Now the attention of Australian policy-makers is turning to maximising prosperity, understood as GDP growth, over the next few years.

The Australian’s Michael Stutchbury says this will require ‘tough-love’ policies.

Usually, this is code for giving carrots to the rich and sticks to the poor. Tough for the bottom of society, great for the top,

In economics, inequality rocks. Right?

Well, actually no.

Inequality peaked in the US just before the great depression, and it only returned to those levels just before the GFC (see Palma, Cambridge Journal of Economics).

That’s not news. Keynes pointed out that inequality made the economy more unstable.

In the period before the GFC, growing inequality encouraged people to go into debt to ‘keep up’, contributing to excessive consumer debt and a housing bubble.

This week nobel laureate and NYT columnist Paul Krugman has pointed out that the economy grew faster, and media family incomes much faster, before modern finance, and the whole neoliberal experiment, when incomes were less unequal:

Take the United States, which wasn’t damaged in the war. Take per capita real GDP. Give hostages by taking data from 1950 to 1980, which means including the 1980 recession, but stopping at 2007, so that the current slump isn’t included.
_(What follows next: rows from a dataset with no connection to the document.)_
Lemma exists_maximal_independent : exists X, maximal_independent X.
Proof.
have [A [ind_A max_A]] : exists A,
    independent A /\ forall B, (A `<` B)%classic -> ~ independent B.
  apply: Zorn_bigcup => F F_ind tot s Fs s0 y.
  case: (chain_supported tot Fs) => [->|[X FX Xs]]; first by rewrite /coef big_nil.
  exact: (F_ind X FX s Xs s0 y).
exists A; split => // g Ag; apply: max_A; split; first by move=> x Ax; left.
by move=> /(_ g (or_intror erefl)).
Qed.

End FormalCombinations.

Section LinearExtension.
Variables (G : zmodType) (X : G -> Prop).
Hypothesis max_X : maximal_independent X.
Implicit Types (s : seq (G * int)) (W : G -> rat).

Lemma exists_representation g : exists p : int * seq (G * int),
  [/\ p.1 != 0, supported X p.2 & g *~ p.1 = eval p.2].
Proof.
case: max_X => ind_X max; case: (pselect (X g)) => Xg.
  by exists (1, [:: (g, 1)]); split; rewrite ?eval1 //; apply: supported1.
(* A dependence relation over [X] and [g] must involve [g]. *)
have := max g Xg; rewrite /independent.
move=> /existsNP [s] /not_implyP [Xgs] /not_implyP [s0] /existsNP [y cy].
pose s' := [seq p <- s | p.1 != g].
have s_split : eval s = g *~ coef s g + eval s'.
  rewrite /eval (bigID (fun p => p.1 == g)) /= big_filter; congr (_ + _).
  by rewrite /coef mulrz_sumr; apply: eq_bigr => p /eqP ->.
have Xs' : supported X s'.
  by move=> p; rewrite mem_filter => /andP[pg /Xgs [//|pge]]; rewrite pge eqxx in pg.
have coef_s' z : z != g -> coef s z = coef s' z.
  move=> zg; rewrite /coef big_filter_cond; apply: eq_bigl => p.
  by case: (eqVneq p.1 z) => [->|_]; rewrite ?zg ?andbF.
have cg : coef s g != 0.
  apply/eqP => cg0; apply: cy; have s'0 : eval s' = 0 by rewrite -s0 s_split cg0 add0r.
  by case: (eqVneq y g) => [->//|yg]; rewrite coef_s' //; apply: ind_X.
exists (coef s g, scale (-1) s'); split => //=; first exact: supported_scale.
by rewrite eval_scale mulrN1z; apply/eqP; rewrite -subr_eq0 opprK -s_split s0.
Qed.

Definition representation g := projT1 (cid (exists_representation g)).

Lemma representationP g : let p := representation g in
  [/\ p.1 != 0, supported X p.2 & g *~ p.1 = eval p.2].
Proof. exact: (projT2 (cid (exists_representation g))). Qed.

Definition qext W g : rat :=
  evalq W (representation g).2 / (representation g).1%:~R.

Lemma qext_rep W g c s :
  c != 0 -> supported X s -> g *~ c = eval s -> qext W g = evalq W s / c%:~R.
Proof.
move=> c0 Xs gcs; rewrite /qext; have := representationP g.
case: representation => c' s' /= [c'0 Xs' gcs'].
have E : eval (scale c s' ++ scale (- c') s) = 0.
  by rewrite eval_cat !eval_scale -gcs -gcs' -!mulrzA mulrN mulrNz mulrC subrr.
have := independent_evalq_eq0 W max_X.1
  (supported_cat (supported_scale (k:=c) Xs') (supported_scale (k:=- c') Xs)) E.
rewrite evalq_cat !evalq_scale rmorphN mulNr => /eqP; rewrite subr_eq0 => /eqP h.
by apply/eqP; rewrite eqr_div ?intr_eq0 //; apply/eqP; rewrite mulrC h mulrC.
Qed.

Lemma qext_hom W : is_hom (qext W).
Proof.
move=> g1 g2; rewrite {2}/qext {2}/qext.
have := representationP g1; have := representationP g2.
case: representation => c2 s2 [c20 Xs2 e2]; case: representation => c1 s1 [c10 Xs1 e1] /=.
rewrite (@qext_rep W _ (c1 * c2) (scale c2 s1 ++ scale c1 s2)).
- by rewrite evalq_cat !evalq_scale intrM; field; rewrite !intr_eq0 c10 c20.
- by rewrite mulf_neq0.
- exact: supported_cat (supported_scale (k:=c2) Xs1) (supported_scale (k:=c1) Xs2).
- by rewrite eval_cat !eval_scale -e1 -e2 mulrzDl -!mulrzA [c2 * c1]mulrC.
Qed.

Lemma qext_eval W s : supported X s -> qext W (eval s) = evalq W s.
Proof. by move=> Xs; rewrite (@qext_rep W _ 1 s) // ?mulr1z // divr1. Qed.

Lemma qext_X W x : X x -> qext W x = W x.
Proof.
move=> Xx; rewrite -{1}(eval1 x) qext_eval; last exact: supported1.
by rewrite /evalq big_seq1 mul1r.
Qed.

Definition delta (y : G) : G -> rat := fun x => (x == y)%:R.

Lemma evalq_delta s y : evalq (delta y) s = (coef s y)%:~R.
Proof.
rewrite /evalq /coef rmorph_sum [RHS]big_mkcond /=; apply: eq_bigr => p _.
by rewrite /delta; case: eqP; rewrite ?mulr1 ?mulr0.
Qed.

Lemma qext_delta_inj g : torsion_free G -> (forall y, qext (delta y) g = 0) -> g = 0.
Proof.
move=> tf g0; rewrite /qext in g0; have := representationP g.
case: representation g0 => c s /= g0 [c0 Xs gcs]; apply: (torsion_free_mulrz tf _ c0).
rewrite gcs (eval_regroup (undup_uniq _) (@undup_fst_covers _ s)) big1 // => y _.
move: (g0 y); rewrite evalq_delta => /eqP.
by rewrite mulf_eq0 invr_eq0 !intr_eq0 (negPf c0) orbF => /eqP ->; rewrite mulr0z.
Qed.

End LinearExtension.

Lemma span_dependent (G : zmodType) (m : nat) : forall n (ys : nat -> G)
    (vs : 'I_n -> G) (A : 'I_n -> nat -> int),
  (m < n)%N -> (forall i, vs i = \sum_(j < m) ys j *~ A i j) ->
  exists2 c : 'I_n -> int, \sum_i vs i *~ c i = 0 & exists i, c i != 0.
Proof.
elim: m => [|m IH] n ys vs A mn vsA.
  case: n mn vs A vsA => // n _ vs A vsA; exists (fun _ => 1); last by exists ord0.
  by rewrite big1 // => i _; rewrite vsA big_ord0 mul0rz.
case: (pselect (forall i, A i m = 0)) => [Am0|].
  apply: (IH n ys vs A (ltnW mn)) => i.
  by rewrite vsA big_ord_recr /= Am0 mulr0z addr0.
move=> /existsNP [k /eqP Akm0].
case: n mn vs A vsA k Akm0 => // n mn vs A vsA k Akm0.
pose a := A k m.
(* Eliminate the last generator [ys m], using row [k] as pivot. *)
pose vs' (i : 'I_n) := vs (lift k i) *~ a - vs k *~ A (lift k i) m.
pose A' (i : 'I_n) j := A (lift k i) j * a - A k j * A (lift k i) m.
have vsA' i : vs' i = \sum_(j < m) ys j *~ A' i j.
  rewrite /vs' !vsA !mulrz_suml -sumrB big_ord_recr /= -!mulrzA -mulrzBr.
  rewrite [A k m * _]mulrC subrr mulr0z addr0.
  by apply: eq_bigr => j _; rewrite -!mulrzA -mulrzBr.
have [d d0 [i0 di0]] := IH n ys vs' A' mn vsA'.
pose c (i : 'I_n.+1) := if unlift k i is Some i' then d i' * a
                        else - \sum_(i' < n) d i' * A (lift k i') m.
exists c; last by exists (lift k i0); rewrite /c liftK mulf_neq0.
rewrite (bigD1_ord k) //= /c unlift_none.
under eq_bigr => i _ do rewrite liftK.
move: d0; rewrite /vs' /=.
under eq_bigr => i _ do rewrite mulrzBl -!mulrzA.
rewrite sumrB -mulrz_sumr => /eqP; rewrite subr_eq0 => /eqP E.
rewrite mulrNz addrC (eq_bigr (fun i => A (lift k i) m * d i)) => [|i _]; last exact: mulrC.
by rewrite -E; apply/eqP; rewrite subr_eq0; apply/eqP; apply: eq_bigr => i _; rewrite mulrC.
Qed.

Lemma maximal_independent_infinite (G : zmodType) (X : G -> Prop) :
  maximal_independent X -> ~ finite_rank G -> forall W : seq G, exists x, X x /\ x \notin W.
Proof.
move=> max_X not_fin W; apply/not_existsP => X_W.
have XW x : X x -> x \in W by move=> Xx; apply/negPn/negP => xW; apply: (X_W x).
pose r := undup W; apply: not_fin; exists (size r) => s ind_s.
rewrite leqNgt; apply/negP => rs.
pose rep i := representation max_X s`_i.
pose vs (i : 'I_(size s)) := s`_i *~ (rep i).1.
pose A (i : 'I_(size s)) j := coef (rep i).2 r`_j.
have vsA i : vs i = \sum_(j < size r) r`_j *~ A i j.
  rewrite /vs /A /rep; have [_ Xs ->] := representationP max_X s`_i.
  rewrite (eval_regroup (undup_uniq W)) => [|p /Xs]; last by rewrite mem_undup => /XW.
  by rewrite (big_nth 0) big_mkord.
have [d d0 [i0 di0]] := span_dependent rs vsA.
pose e := map (fun i : 'I_(size s) => (rep i).1 * d i) (enum 'I_(size s)).
have e_nth (i : 'I_(size s)) : e`_i = (rep i).1 * d i.
  by rewrite (nth_map i0) ?size_enum_ord // nth_ord_enum.
have /(_ i0) : forall i, e`_i = 0.
  apply: ind_s; first by rewrite size_map size_enum_ord.
  by apply: etrans d0; apply: eq_bigr => i _; rewrite e_nth mulrzA.
rewrite e_nth => /eqP; rewrite mulf_eq0 (negPf di0) orbF.
by have [/negPf -> _ _] := representationP max_X s`_i0.
Qed.

Section Pairing.
Variables (T : eqType) (X : T -> Prop).

Lemma injective_sequence (Y : T -> Prop) :
  (forall W : seq T, exists x, Y x /\ x \notin W) ->
  exists2 e : nat -> T, (forall k, Y (e k)) & injective e.
Proof.
move=> Y_inf; have [fresh freshP] := choice Y_inf.
pose L := fix L n := if n is n'.+1 then fresh (L n') :: L n' else [::].
exists (fun k => fresh (L k)); first by move=> k; case: (freshP (L k)).
have inL j k : (j < k)%N -> fresh (L j) \in L k.
  elim: k => // k IH; rewrite ltnS leq_eqVlt => /orP[/eqP ->|/IH jk] /=.
    by rewrite mem_head.
  by rewrite inE jk orbT.
move=> j k; case: (ltngtP j k) => // jk e.
  by case: (freshP (L k)) => _; rewrite -e inL.
by case: (freshP (L j)) => _; rewrite e inL.
Qed.

(* [R (a, n, b)] reads [f (a, n) = b] for a partial injection [f] from
   [dom R * nat] into [dom R], with [dom R] a subset of [X]. *)
Definition pairing (R : set (T * nat * T)) :=
  [/\ (forall a n b, R (a, n, b) -> X a /\ X b),
      (forall a n b b', R (a, n, b) -> R (a, n, b') -> b = b'),
      (forall a n a' n' b, R (a, n, b) -> R (a', n', b) -> a = a' /\ n = n'),
      (forall a n b, R (a, n, b) -> forall m, exists c, R (a, m, c)) &
      (forall a n b, R (a, n, b) -> exists c, R (b, 0%N, c))].

Definition dom (R : set (T * nat * T)) a := exists b, R (a, 0%N, b).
Then here’s what you get:

Growth in per capita real GDP from 1950 to 1980: 2.2 percent per year

Growth in per capita real GDP from 1980 to 2007: 2.0 percent per year

Oh, and if we look at real median family income instead, we get:

Growth from 1950 to 1980: 2.3 percent per year

Growth from 1980 to 2007: 0.7 percent per year

Sorry: there’s no measure I can think of by which the U.S. economy has done better since 1980 than it did over an equivalent time span before 1980. It may be something you’ve heard, it may be something you’d like to believe, but it just didn’t happen.

We also know that more equality is better for everyone in society, with the possible exception of the super-rich, because of a recent book that brought together all the evidence, “The Spirit Level: why more equal societies always do better”. A key argument is that:

While it is often assumed that social problems bear little relationship to average incomes, the evidence suggests that income differentials within populations matter a great deal, and this is as true of American states as it is of countries around the world.

In the most unequal countries and states, there is more gender inequality, too, and these places are less generous. A higher proportion of people suffer from mental illness, and more use drugs.

Less egalitarian countries have six times as much obesity. Educational attainment is poorer, with higher dropout rates, shorter periods of paid maternity leave and less early childhood education. Teenage birth rates are higher, and it is young men from disadvantaged neighbourhoods who are most likely to be the victims and perpetrators of violence.

In more unequal countries, children experience more bullying, fights and conflict, and rates of imprisonment are five times higher. Although it is possible that heath and social problems cause bigger income differentials, inequalities are the common denominator.

The same is true for economic growth. If we want growth we have to ensure that the benefits (and the tough-love stuff) are seen to be borne more equally than in recent decades.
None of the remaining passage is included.